You have the right to: access (Art. 15), rectification (Art. 16), erasure (Art. 17), restriction of processing (Art. 18), data portability (Art. 20), and to object to processing (Art. 21) GDPR. Where processing is based on consent, you may withdraw it at any time with effect for the future (Art. 7 (3) GDPR), without affecting the lawfulness of prior processing.

Right to object (Art. 21 GDPR): Where we process your data on the basis of legitimate interests, you have the right to object on grounds relating to your particular situation. You may object to direct marketing at any time, without giving reasons.

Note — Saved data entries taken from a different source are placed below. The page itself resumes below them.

(* Let $X$ be a finite simplicial complex and $d\ge0$. There is a one-to-one correspondence between the equivalence classes of $\sim^{\uparrow}_{d+1}$ and the distinct maps of the form $B_{d+1}FB_{d+1}^\intercal$ (with $F$ a smooth map $C_{d+1}(X)\to C_{d+1}(X)$), realized by $[F]\mapsto B_{d+1}FB_{d+1}^\intercal$. Similarly, there is a one-to-one correspondence between the equivalence classes of $\sim^{\downarrow}_{d-1}$ and the distinct maps of the form $B_d^\intercal HB_d$ (with $H$ a smooth map $C_{d-1}(X)\to C_{d-1}(X)$), realized by $[H]\mapsto B_d^\intercal HB_d$.
   Context: A finite simplicial complex $X$ on vertex set $\{1,\dots,n\}$ is a collection of nonempty subsets closed under taking nonempty subsets; $X_d$ is the set of simplices with $d+1$ vertices; a $d$-simplex with vertices $i_0<\dots<i_d$ is written $[i_0,\dots,i_d]$. $C_d(X)$ is the real vector space with basis $X_d$ and inner product making $X_d$ orthonormal ($C_{-1}(X)=0$). The boundary map is $\partial_d[i_0,\dots,i_d]=\sum_{k=0}^d(-1)^k[i_0,\dots,\widehat{i_k},\dots,i_d]$ with matrix $B_d$; $B_d^\intercal$ its transpose. $P_{d+1}$ is the orthogonal projection of $C_{d+1}(X)$ onto $\operatorname{im}(B_{d+1}^\intercal)$ and $Q_{d-1}$ is the orthogonal projection of $C_{d-1}(X)$ onto $\operatorname{im}(B_d)$. On smooth maps $C_{d+1}(X)\to C_{d+1}(X)$ the equivalence relation $\sim^{\uparrow}_{d+1}$ is $\mathcal A\sim^{\uparrow}_{d+1}\mathcal B\iff P_{d+1}\mathcal AP_{d+1}=P_{d+1}\mathcal BP_{d+1}$; on smooth maps $C_{d-1}(X)\to C_{d-1}(X)$ the relation $\sim^{\downarrow}_{d-1}$ is $\mathcal A\sim^{\downarrow}_{d-1}\mathcal B\iff Q_{d-1}\mathcal AQ_{d-1}=Q_{d-1}\mathcal BQ_{d-1}$. *)

From HB Require Import structures.
From mathcomp Require Import all_boot all_order all_algebra.
From mathcomp Require Import all_classical all_reals.
From mathcomp Require Import topology normedtype derive.
Set Implicit Arguments. Unset Strict Implicit. Unset Printing Implicit Defensive.
Import Order.TTheory GRing.Theory Num.Theory.
Local Open Scope ring_scope.

(* A finite simplicial complex on the vertex set {0,...,n-1} (= 'I_n, a
   relabelling of {1,...,n}): a family of nonempty vertex sets closed under
   taking nonempty subsets. *)
Definition is_simplicial_complex (n : nat) (X : {set {set 'I_n}}) : Prop :=
  (forall s, s \in X -> s != finset.set0) /\
  (forall s t : {set 'I_n}, s \in X -> t \subset s -> t != finset.set0 -> t \in X).

(* faces of X with exactly k vertices, i.e. X_{k-1}; (faces X 0) is empty,
   so C_{-1}(X) = 0. *)
Definition faces (n : nat) (X : {set {set 'I_n}}) (k : nat) : {set {set 'I_n}} :=
  [set s in X | #|s| == k].

(* C_{k-1}(X) is represented as column vectors 'cV_#|faces X k|, with the
   standard (orthonormal) basis indexed by faces through enum_val. *)

(* sign (-1)^j where v is the j-th vertex (0-based, increasing order) of s *)
Definition face_sign (R : ringType) (n : nat) (s : {set 'I_n}) (v : 'I_n) : R :=
  (-1) ^+ #|[set w in s | (w < v)%N]|.

(* Boundary matrix from simplices with k+1 vertices to simplices with k
   vertices: B_d = boundary X d. *)
Definition boundary (R : ringType) (n : nat) (X : {set {set 'I_n}}) (k : nat)
  : 'M[R]_(#|faces X k|, #|faces X k.+1|) :=
  \matrix_(i, j)
    let sigma := enum_val (A := faces X k.+1) j in
    let tau := enum_val (A := faces X k) i in
    \sum_(v in sigma) (if tau == sigma :\ v then face_sign R sigma v else 0).

(* P is the orthogonal projection onto the column space im(M) of M *)
Definition is_orth_proj (R : fieldType) (m p : nat) (P : 'M[R]_m) (M : 'M[R]_(m, p))
  : Prop :=
  P^T = P /\ P *m P = P /\ (P^T == M^T)%MS.

Fixpoint smooth_upto (R : realType) (V : normedModType R) (k : nat) (f : V -> V)
  : Prop :=
  match k with
  | 0 => continuous f
  | k'.+1 => continuous f /\
      forall v : V, (forall x, derivable f x v) /\
                    smooth_upto k' (fun x => 'D_v f x)
  end.

Definition smooth (R : realType) (V : normedModType R) (f : V -> V) : Prop :=
  forall k, smooth_upto k f.

Definition proj_equiv (R : ringType) (m : nat) (P : 'M[R]_m)
  (A B : 'cV[R]_m -> 'cV[R]_m) : Prop :=
  (fun x => P *m A (P *m x)) = (fun x => P *m B (P *m x)).

From HB Require Import structures.
From mathcomp Require Import all_boot all_order all_algebra.
From mathcomp Require Import all_classical all_reals.
From mathcomp Require Import topology normedtype derive.
Import Order.TTheory GRing.Theory Num.Theory.
Local Open Scope ring_scope.

(* If P is the orthogonal projection onto im M, then P M = M and P = M Z for
   some Z, hence also M^T P = M^T and P = Z^T M^T by symmetry of P.  So
   P A P = Z^T (M^T A M) Z and M^T A M = M^T (P A P) M: each of the two
   sandwiches determines the other, for arbitrary maps A. *)

Section OrthogonalProjection.

Variables (R : fieldType) (m p : nat) (P : 'M[R]_m) (M : 'M[R]_(m, p)).
Hypothesis PprojM : is_orth_proj P M.

Lemma orth_proj_mulmx_range : P *m M = M.
Proof.
have [_ [PP /andP[_ /submxP[W MW]]]] := PprojM.
have -> : M = P *m W^T by rewrite -[M]trmxK MW trmx_mul trmxK.
by rewrite mulmxA PP.
Qed.

Lemma orth_proj_trmx_mulmx : M^T *m P = M^T.
Proof.
by have [PT _] := PprojM; rewrite -[in LHS]PT -trmx_mul orth_proj_mulmx_range.
Qed.

Lemma orth_proj_factor : exists Z : 'M[R]_(p, m), P = M *m Z.
Proof.
have [_ [_ /andP[/submxP[Z PZ] _]]] := PprojM.
by exists Z^T; rewrite -[LHS]trmxK PZ trmx_mul trmxK.
Qed.

Lemma proj_equiv_sandwich (F G : 'cV[R]_m -> 'cV[R]_m) :
  proj_equiv P F G <->
  (fun y => M^T *m F (M *m y)) = (fun y => M^T *m G (M *m y)).
Proof.
split=> [eqFG | eqMFG].
  apply: funext => y.
  have /= := congr1 (fun f => M^T *m f (M *m y)) eqFG.
  by rewrite !mulmxA orth_proj_mulmx_range !orth_proj_trmx_mulmx.
have [Z PZ] := orth_proj_factor.
have PZT : P = Z^T *m M^T by have [PT _] := PprojM; rewrite -PT PZ trmx_mul.
apply: funext => x.
have /= := congr1 (fun f => f (Z *m x)) eqMFG.
by rewrite [in P *m x]PZ PZT -!mulmxA => ->.
Qed.

End OrthogonalProjection.

Theorem mainTheorem8 (R : realType) (n : nat) (X : {set {set 'I_n}})
  (hX : is_simplicial_complex X) (d : nat) :
  (* up: classes of ~^up_{d+1}  <->  maps B_{d+1} F B_{d+1}^T *)
  (forall P : 'M[R]_(#|faces X d.+2|),
     is_orth_proj P (boundary R X d.+1)^T ->
     forall F G : 'cV[R]_(#|faces X d.+2|) -> 'cV[R]_(#|faces X d.+2|),
       smooth F -> smooth G ->
       (proj_equiv P F G <->
        (fun y => boundary R X d.+1 *m F ((boundary R X d.+1)^T *m y)) =
        (fun y => boundary R X d.+1 *m G ((boundary R X d.+1)^T *m y)))) /\
  (* down: classes of ~^down_{d-1}  <->  maps B_d^T H B_d *)
  (forall Q : 'M[R]_(#|faces X d|),
     is_orth_proj Q (boundary R X d) ->
     forall H K : 'cV[R]_(#|faces X d|) -> 'cV[R]_(#|faces X d|),
       smooth H -> smooth K ->
       (proj_equiv Q H K <->
        (fun y => (boundary R X d)^T *m H (boundary R X d *m y)) =
        (fun y => (boundary R X d)^T *m K (boundary R X d *m y)))).
Proof.
split.
  move=> P PprojBT F G _ _.
  by have := @proj_equiv_sandwich _ _ _ _ _ PprojBT F G; rewrite trmxK.
by move=> Q QprojB H K _ _; exact: (@proj_equiv_sandwich _ _ _ _ _ QprojB H K).
Qed.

You also have the right to lodge a complaint with a supervisory authority (Art. 77 GDPR). The authority competent for us is:

Der Hamburgische Beauftragte für Datenschutz und Informationsfreiheit Ludwig-Erhard-Str. 22, 20459 Hamburg, Germany

You may also contact the supervisory authority in your country of residence or workplace.

12. Retention

We retain personal data only as long as necessary for the relevant purpose or as required by statutory retention periods, in particular under German commercial and tax law (§ 257 HGB, § 147 AO): generally 8 years for accounting vouchers and invoices, 10 years for annual financial statements and accounting records, and 6 years for commercial and business correspondence. Data processed on the basis of consent is retained until you withdraw consent; data processed for direct marketing until you object. Once the purpose ceases and no retention obligation applies, the data is deleted or anonymised.

13. Minors

Our store is not directed at children. We do not knowingly process the personal data of persons under the age where consent for information-society services is valid (16 years in Germany) without the consent of a parent or guardian.

14. Changes to This Policy

We may update this Privacy Policy to reflect changes in our processing or in the legal framework. The current version is always available on this page.